Lemma kermx_sub_of_rank m n p (D : 'M[F]_(m, n)) (P : 'M[F]_(n, p)) :
  D *m P = 0 -> (n + \rank (kermx D) + \rank (kermx P^T) <= m + p)%N ->
  (kermx P <= D)%MS.
Proof.
move=> DP0 dim_le.
have sDkerP : (D <= kermx P)%MS by rewrite sub_kermx DP0.
have [_ <-] := mxrank_leqif_sup sDkerP.
have := mxrank_ker D; have := mxrank_ker P^T; have := mxrank_ker P.
have := rank_leq_row D; have := rank_leq_col P.
rewrite mxrank_tr eqn_leq mxrankS ?andbT; lia.
Qed.

End FunMatrix.

Arguments vecf0 {F} I.

Section TriangulatedSurface.
Variable S : tsurf.
Hypothesis HS : genus0_triangulated S.

Local Notation corner := (Tri S * 'I_3)%type.
Local Notation edge := (Arc S + Seg S)%type.

(* At corner [c] the side [dside c] starts and the side [dside_in c] ends. *)
Definition dside_in (c : corner) : edge := side c.1 (ord_pred c.2).
Definition dend (c : corner) : Pt S := vtx c.1 (ordS c.2).

Lemma card_arc_sides (a : Arc S) : #|[set c : corner | dside c == inl a]| = 2.
Proof. by case: HS. Qed.

Lemma card_seg_sides (s : Seg S) : #|[set c : corner | dside c == inr s]| = 1.
Proof. by case: HS => _ []. Qed.

Lemma eq_dvtx_connect (c c' : corner) : (dvtx c == dvtx c') = connect (@crel S) c c'.
Proof. by case: HS => _ [] _ []. Qed.

Lemma dvtx_surj (p : Pt S) : exists c : corner, dvtx c = p.
Proof. by case: HS => _ [] _ [] _ []. Qed.

Lemma boundary_corner (p : Pt S) :
  exists c : corner, dvtx c = p /\ (is_seg (dside c) \/ is_seg (dside_in c)).
Proof. by case: HS => _ [] _ [] _ [] _ []. Qed.

Lemma card_Tri_gt0 : (0 < #|Tri S|)%N.
Proof. by case: HS => _ [] _ [] _ [] _ [] _ []. Qed.

Lemma trel_connected (t t' : Tri S) : connect (@trel S) t t'.
Proof. by case: HS => _ [] _ [] _ [] _ [] _ [] _ []. Qed.

Lemma euler_genus0 : #|Pt S| + #|Tri S| + nbdry S = 2 + #|Arc S| + #|Seg S|.
Proof. by case: HS => _ [] _ [] _ [] _ [] _ [] _ [] _ []. Qed.

Lemma glued_sym (c c' : corner) : glued c c' = glued c' c.
Proof.
by apply/idP/idP => /and3P [n /eqP e a]; apply/and3P; split;
  rewrite 1?eq_sym ?e // -e.
Qed.

Lemma glued_side (c c' : corner) : glued c c' -> dside c = dside c'.
Proof. by case/and3P=> _ /eqP. Qed.

Lemma glued_arc (c c' : corner) : glued c c' -> is_arc (dside c).
Proof. by case/and3P. Qed.

Lemma glued_dvtx (c c' : corner) : glued c c' -> dvtx c = dend c'.
Proof.
move=> g; apply/eqP; rewrite -[dend c']/(dvtx (c'.1, ordS c'.2)) eq_dvtx_connect.
by apply: connect1; rewrite /crel /= /cadj /= ordSK -surjective_pairing g.
Qed.

Lemma arc_sidesP (a : Arc S) : exists c1 c2 : corner, [/\ c1 != c2,
  dside c1 = inl a, dside c2 = inl a & forall c, dside c = inl a -> c = c1 \/ c = c2].
Proof.
have /cards2P [c1 [c2 [c12 def2]]] : #|[set c : corner | dside c == inl a]| == 2.
  by rewrite card_arc_sides.
have mem c : (dside c == inl a) = (c == c1) || (c == c2).
  by rewrite -[in RHS]in_set2 -def2 inE.
exists c1, c2; split => //; first by apply/eqP; rewrite mem eqxx.
  by apply/eqP; rewrite mem eqxx orbT.
by move=> c /eqP; rewrite mem => /orP [] /eqP; [left|right].
Qed.

Lemma arc_glued (c : corner) : is_arc (dside c) -> exists c', glued c c'.
Proof.
case ec: (dside c) => [a|//] _.
have [c1 [c2 [c12 e1 e2 /(_ c ec) [] ->]]] := arc_sidesP a.
  by exists c2; rewrite /glued c12 e1 e2 eqxx.
by exists c1; rewrite /glued eq_sym c12 e1 e2 eqxx.
Qed.

Lemma glued_uniq (c c1 c2 : corner) : glued c c1 -> glued c c2 -> c1 = c2.
Proof.
move=> /and3P [n1 /eqP s1 a1] /and3P [n2 /eqP s2 _].
case ec: (dside c) a1 s1 s2 => [a|//] _ s1 s2.
have [x [y [_ _ _ mem]]] := arc_sidesP a.
by case: (mem c ec) => ?; case: (mem c1 (esym s1)) => ?;
  case: (mem c2 (esym s2)) => ?; subst; rewrite ?eqxx in n1 n2 *.
Qed.

Definition partner (c : corner) : corner :=
  if [pick c' | glued c c'] is Some c' then c' else c.

Lemma partner_glued (c : corner) : is_arc (dside c) -> glued c (partner c).
Proof.
move=> /arc_glued [c' g]; rewrite /partner; case: pickP => [//|].
by move=> /(_ c'); rewrite g.
Qed.

Lemma partner_seg (c : corner) : is_seg (dside c) -> partner c = c.
Proof.
move=> sc; rewrite /partner; case: pickP => [c' g|//].
by rewrite /is_seg (glued_arc g) in sc.
Qed.

Lemma dside_partner (c : corner) : dside (partner c) = dside c.
Proof.
case: (boolP (is_arc (dside c))) => [a|s]; last by rewrite partner_seg.
by rewrite -(glued_side (partner_glued a)).
Qed.

Lemma partnerK : involutive partner.
Proof.
move=> c; case: (boolP (is_arc (dside c))) => [a|s]; last by rewrite !partner_seg.
have g := partner_glued a; rewrite glued_sym in g.
by apply: glued_uniq (partner_glued _) g; rewrite dside_partner.
Qed.

Lemma partner_inj : injective partner.
Proof. exact: inv_inj partnerK. Qed.

Lemma dend_partner (c : corner) : is_arc (dside c) -> dend (partner c) = dvtx c.
Proof. by move=> a; rewrite (glued_dvtx (partner_glued a)). Qed.

Lemma bsym_seg (c : corner) : is_seg (dside c) -> bsym (dvtx c) (dend c).
Proof. by move=> sc; apply/orP; left; apply/existsP; exists c; rewrite sc !eqxx. Qed.

Lemma bsym_sym : symmetric (@bsym S).
Proof. by move=> p q; rewrite /bsym /= orbC. Qed.

Lemma same_bdry_sym : connect_sym (@bsym S).
Proof. exact: sym_connect_sym bsym_sym. Qed.

Lemma seg_side_inj (c c' : corner) : is_seg (dside c) -> dside c = dside c' -> c = c'.
Proof.
case ec: (dside c) => [//|s] _ ec'.
have /cards1P [c0 def1] : #|[set d : corner | dside d == inr s]| == 1.
  by rewrite card_seg_sides.
have mem d : dside d = inr s -> d = c0.
  by move=> ed; apply/set1P; rewrite -def1 inE ed.
by rewrite (mem c ec) (mem c' (esym ec')).
Qed.

Lemma edge_surj (e : edge) : exists c : corner, dside c = e.
Proof.
case: e => [a|s].
  by have [c1 [_ [_ e1 _ _]]] := arc_sidesP a; exists c1.
have /card_gt0P [c] : (0 < #|[set c : corner | dside c == inr s]|)%N by rewrite card_seg_sides.
by rewrite inE => /eqP; exists c.
Qed.

Lemma tri_connect_ind (Q : Tri S -> Prop) (t0 : Tri S) :
  Q t0 -> (forall t t', trel t t' -> Q t -> Q t') -> forall t, Q t.
Proof.
move=> Qt0 Qstep t; have /connectP [q tq ->] := trel_connected t0 t.
by elim: q t0 Qt0 tq => //= t1 q IHq t0 Qt0 /andP [t01 tq]; apply: IHq (Qstep _ _ t01 Qt0) tq.
Qed.

Lemma I3_cases (i j : 'I_3) : [\/ i = j, i = ordS j | j = ordS i].
Proof.
case: i j => [[|[|[|i]]] Hi] [[|[|[|j]]] Hj] //;
  first [by constructor 1; apply: val_inj | by constructor 2; apply: val_inj
        | by constructor 3; apply: val_inj].
Qed.

Definition shift_corner (c : corner) : corner := (c.1, ordS c.2).

Lemma shift_corner_inj : injective shift_corner.
Proof.
move=> [t k] [t' k'] e; congr (_, _); first exact: (congr1 fst e).
by apply: ordS_inj; exact: (congr1 snd e).
Qed.

Lemma dside_in_shift (c : corner) : dside_in (shift_corner c) = dside c.
Proof. by rewrite /dside_in /= ordSK. Qed.

(** * Coboundaries *)

Definition delta (R : zmodType) (r : edge -> R) (c : corner) : R :=
  r (dside_in c) - r (dside c).

Definition balanced (R : zmodType) (x : corner -> R) : Prop :=
  (forall t : Tri S, \sum_(k < 3) x (t, k) = 0) /\
  (forall p : Pt S, \sum_(c | same_bdry (dvtx c) p) x c = 0).

Lemma sum_delta_tri (R : zmodType) (r : edge -> R) (t : Tri S) :
  \sum_(k < 3) delta r (t, k) = 0.
Proof.
rewrite sumrB (reindex_inj (@ordS_inj 3)) /=.
by rewrite (eq_bigr (fun k => r (side t k))) ?subrr // => k _; rewrite /dside_in /= ordSK.
Qed.

(* Reindexing by [shift_corner] and then by [partner] matches every side
   ending at a corner of the component with a side starting at one. *)
Lemma sum_delta_bdry (R : zmodType) (r : edge -> R) (p : Pt S) :
  \sum_(c | same_bdry (dvtx c) p) delta r c = 0.
Proof.
rewrite sumrB (reindex_inj shift_corner_inj) /=.
rewrite (eq_bigr (fun c => r (dside c))) => [|c _]; last exact/congr1/dside_in_shift.
rewrite (reindex_inj partner_inj) /= (eq_bigr (fun c => r (dside c))) => [|c _]; last first.
  by rewrite dside_partner.
rewrite (eq_bigl (fun c => same_bdry (dvtx c) p)) ?subrr // => c.
case: (boolP (is_arc (dside c))) => [a|s].
  by rewrite -[dvtx (shift_corner _)]/(dend (partner c)) dend_partner.
rewrite partner_seg // -[dvtx (shift_corner _)]/(dend c) /same_bdry.
by rewrite (same_connect1 same_bdry_sym (bsym_seg s)).
Qed.

Lemma coboundary_balanced (R : zmodType) (x : corner -> R) (r : edge -> R) :
  x =1 delta r -> balanced x.
Proof.
move=> xr; split=> [t|p]; under eq_bigr do rewrite xr.
  exact: sum_delta_tri.
exact: sum_delta_bdry.
Qed.

Definition next_corner (c : corner) : corner := shift_corner (partner c).

(* Turning around a marked point [p] from corner to corner never reaches a
   corner whose incoming side is a boundary segment, so such a corner would
   be missing from the image of an injection of the corners at [p] into
   themselves. *)
Lemma exists_seg_corner (p : Pt S) : exists c : corner, (dvtx c == p) && is_seg (dside c).
Proof.
apply/existsP; apply: contraT; rewrite negb_exists => /forallP noseg.
have arc_at c : dvtx c == p -> is_arc (dside c).
  by move=> cp; move: (noseg c); rewrite cp /is_seg negbK.
pose A := [set c : corner | dvtx c == p].
have next_inj : injective next_corner.
  by move=> c c' /shift_corner_inj /partner_inj.
have nextA : [set next_corner c | c in A] \subset A.
  apply/subsetP => _ /imsetP [c cA ->]; rewrite !inE in cA *.
  by rewrite -[dvtx _]/(dend (partner c)) dend_partner ?arc_at.
have [c0 [c0p [sc0|sc0]]] := boundary_corner p.
  by move: (noseg c0); rewrite c0p eqxx sc0.
have c0_next : c0 \notin [set next_corner c | c in A].
  apply/imsetP => -[c cA ec0]; rewrite inE in cA.
  move: sc0; rewrite ec0 /next_corner dside_in_shift dside_partner.
  by rewrite /is_seg arc_at.
have : (#|A| <= #|A :\ c0|)%N.
  rewrite -(card_imset A next_inj); apply: subset_leq_card; apply/subsetP => c cim.
  by rewrite in_setD1 (subsetP nextA c cim) andbT; apply: contraNneq c0_next => <-.
by rewrite (cardsD1 c0 A) inE c0p eqxx ltnn.
Qed.

Lemma card_Pt_le_Seg : (#|Pt S| <= #|Seg S|)%N.
Proof.
pose c_at p := xchoose (exists_seg_corner p).
pose f p := dside (c_at p).
have fP p : dvtx (c_at p) = p /\ is_seg (f p).
  by have /andP [/eqP ? ?] := xchooseP (exists_seg_corner p).
have f_inj : injective f.
  move=> p q fpq; have [ep sp] := fP p; have [eq_q _] := fP q.
  by rewrite -ep -eq_q (seg_side_inj sp fpq).
rewrite -(card_imset predT f_inj) -(card_imset predT (@inr_inj (Arc S) (Seg S))).
apply: subset_leq_card; apply/subsetP => _ /imsetP [p _ ->].
by have [_] := fP p; case: (f p) => // s _; apply: imset_f.
Qed.

Lemma card_corner : #|{: corner}| = (2 * #|Arc S| + #|Seg S|)%N.
Proof.
rewrite -sum1_card (partition_big (@dside S) xpredT) //= big_sumType /=.
have fiber e : (\sum_(c | dside c == e) 1 = #|[set c : corner | dside c == e]|)%N.
  by rewrite -sum1_card; apply: eq_bigl => c; rewrite inE.
rewrite (eq_bigr (fun _ => 2%N)) => [|a _]; last by rewrite fiber card_arc_sides.
rewrite [X in (_ + X)%N](eq_bigr (fun _ => 1%N)) => [|s _]; last first.
  by rewrite fiber card_seg_sides.
by rewrite !sum_nat_const muln1 mulnC; congr (_ * _ + _)%N; apply: eq_card.
Qed.

Definition bdry := {p : Pt S | roots (@bsym S) p}.

Definition bdry_of (p : Pt S) : bdry :=
  exist _ (fingraph.root (@bsym S) p) (roots_root same_bdry_sym p).

Lemma bdry_ofK (b : bdry) : bdry_of (val b) = b.
Proof. by apply: val_inj; rewrite /= (eqP (valP b)). Qed.

Lemma same_bdryE (p : Pt S) (b : bdry) : same_bdry p (val b) = (bdry_of p == b).
Proof.
by rewrite /same_bdry -(root_connect same_bdry_sym) (eqP (valP b)) -val_eqE.
Qed.

Lemma card_bdry : #|{: bdry}| = nbdry S.
Proof. by rewrite card_sig /nbdry /n_comp_mem; apply: eq_card => p; rewrite !inE andbT. Qed.

Lemma corner_dim_count :
  (#|{: corner}| + 2 <= #|{: edge}| + #|{: Tri S + bdry}|)%N.
Proof.
have := euler_genus0; have := card_Pt_le_Seg; have := card_corner.
rewrite !card_sum card_prod card_ord card_bdry; lia.
Qed.

Section DifferencePropagation.
Variables (R : zmodType) (G : pred R) (r : edge -> R).
Hypotheses (G0 : G 0) (GB : forall x y, G x -> G y -> G (x - y)).
Hypothesis G_delta : forall c, G (delta r c).

Let GN x : G x -> G (- x).
Proof. by move=> Gx; rewrite -sub0r; apply: GB. Qed.

Let G_trans x y z : G (x - y) -> G (y - z) -> G (x - z).
Proof. by move=> Gxy Gyz; rewrite -(subrKA y) -[_ - z]opprK; apply: GB => //; apply: GN. Qed.

Lemma sides_diff_closed (t : Tri S) (i j : 'I_3) : G (r (side t i) - r (side t j)).
Proof.
have deltaS k : delta r (t, ordS k) = r (side t k) - r (side t (ordS k)).
  by rewrite /delta /dside_in /= ordSK.
case: (I3_cases i j) => [->|->|->]; first by rewrite subrr.
  by rewrite -opprB -deltaS; apply: GN.
by rewrite -deltaS.
Qed.

Lemma edges_diff_closed (e e' : edge) : G (r e - r e').
Proof.
have [t0 _] := card_gt0P card_Tri_gt0.
suff G_e e0 : G (r e0 - r (side t0 0)).
  by apply: G_trans (G_e e) _; rewrite -opprB; apply/GN/G_e.
have G_tri : forall t, G (r (side t 0) - r (side t0 0)).
  apply: (tri_connect_ind (t0 := t0)) => [|t t' /existsP [i /existsP [j g]] Gt].
    by rewrite subrr.
  apply: G_trans (sides_diff_closed t' 0 j) _.
  have side_ij : side t i = side t' j := glued_side g.
  by rewrite -side_ij; apply: G_trans (sides_diff_closed t i 0) Gt.
have [[t i] <-] := edge_surj e0.
exact: G_trans (sides_diff_closed t i 0) (G_tri t).
Qed.

End DifferencePropagation.

(** * Linear algebra over the rationals *)

Definition cobound_mx : 'M[rat]_(#|{: edge}|, #|{: corner}|) :=
  mxf (fun (e : edge) (c : corner) => (e == dside_in c)%:R - (e == dside c)%:R).

Definition incid (c : corner) (j : Tri S + bdry) : rat :=
  match j with inl t => (c.1 == t)%:R | inr b => (bdry_of (dvtx c) == b)%:R end.

Definition incid_mx : 'M[rat]_(#|{: corner}|, #|{: Tri S + bdry}|) := mxf incid.

Lemma mul_vecf_cobound (r : edge -> rat) : vecf r *m cobound_mx = vecf (delta r).
Proof.
rewrite mul_vecf_mxf; apply: eq_vecf => c.
by under eq_bigr do rewrite mulrBr; rewrite sumrB !sum_mul_eqb.
Qed.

▶ **Problem**:
Transcribe the lines above between the line holding "Proof. by move=> Gxy" and the line holding "by rewrite -side_ij;", inclusive, exactly as they stand and with nothing added.

▶ **Answer box**:
Proof. by move=> Gxy Gyz; rewrite -(subrKA y) -[_ - z]opprK; apply: GB => //; apply: GN. Qed.

Lemma sides_diff_closed (t : Tri S) (i j : 'I_3) : G (r (side t i) - r (side t j)).
Proof.
have deltaS k : delta r (t, ordS k) = r (side t k) - r (side t (ordS k)).
  by rewrite /delta /dside_in /= ordSK.
case: (I3_cases i j) => [->|->|->]; first by rewrite subrr.
  by rewrite -opprB -deltaS; apply: GN.
by rewrite -deltaS.
Qed.

Lemma edges_diff_closed (e e' : edge) : G (r e - r e').
Proof.
have [t0 _] := card_gt0P card_Tri_gt0.
suff G_e e0 : G (r e0 - r (side t0 0)).
  by apply: G_trans (G_e e) _; rewrite -opprB; apply/GN/G_e.
have G_tri : forall t, G (r (side t 0) - r (side t0 0)).
  apply: (tri_connect_ind (t0 := t0)) => [|t t' /existsP [i /existsP [j g]] Gt].
    by rewrite subrr.
  apply: G_trans (sides_diff_closed t' 0 j) _.
  have side_ij : side t i = side t' j := glued_side g.
  by rewrite -side_ij; apply: G_trans (sides_diff_closed t i 0) Gt.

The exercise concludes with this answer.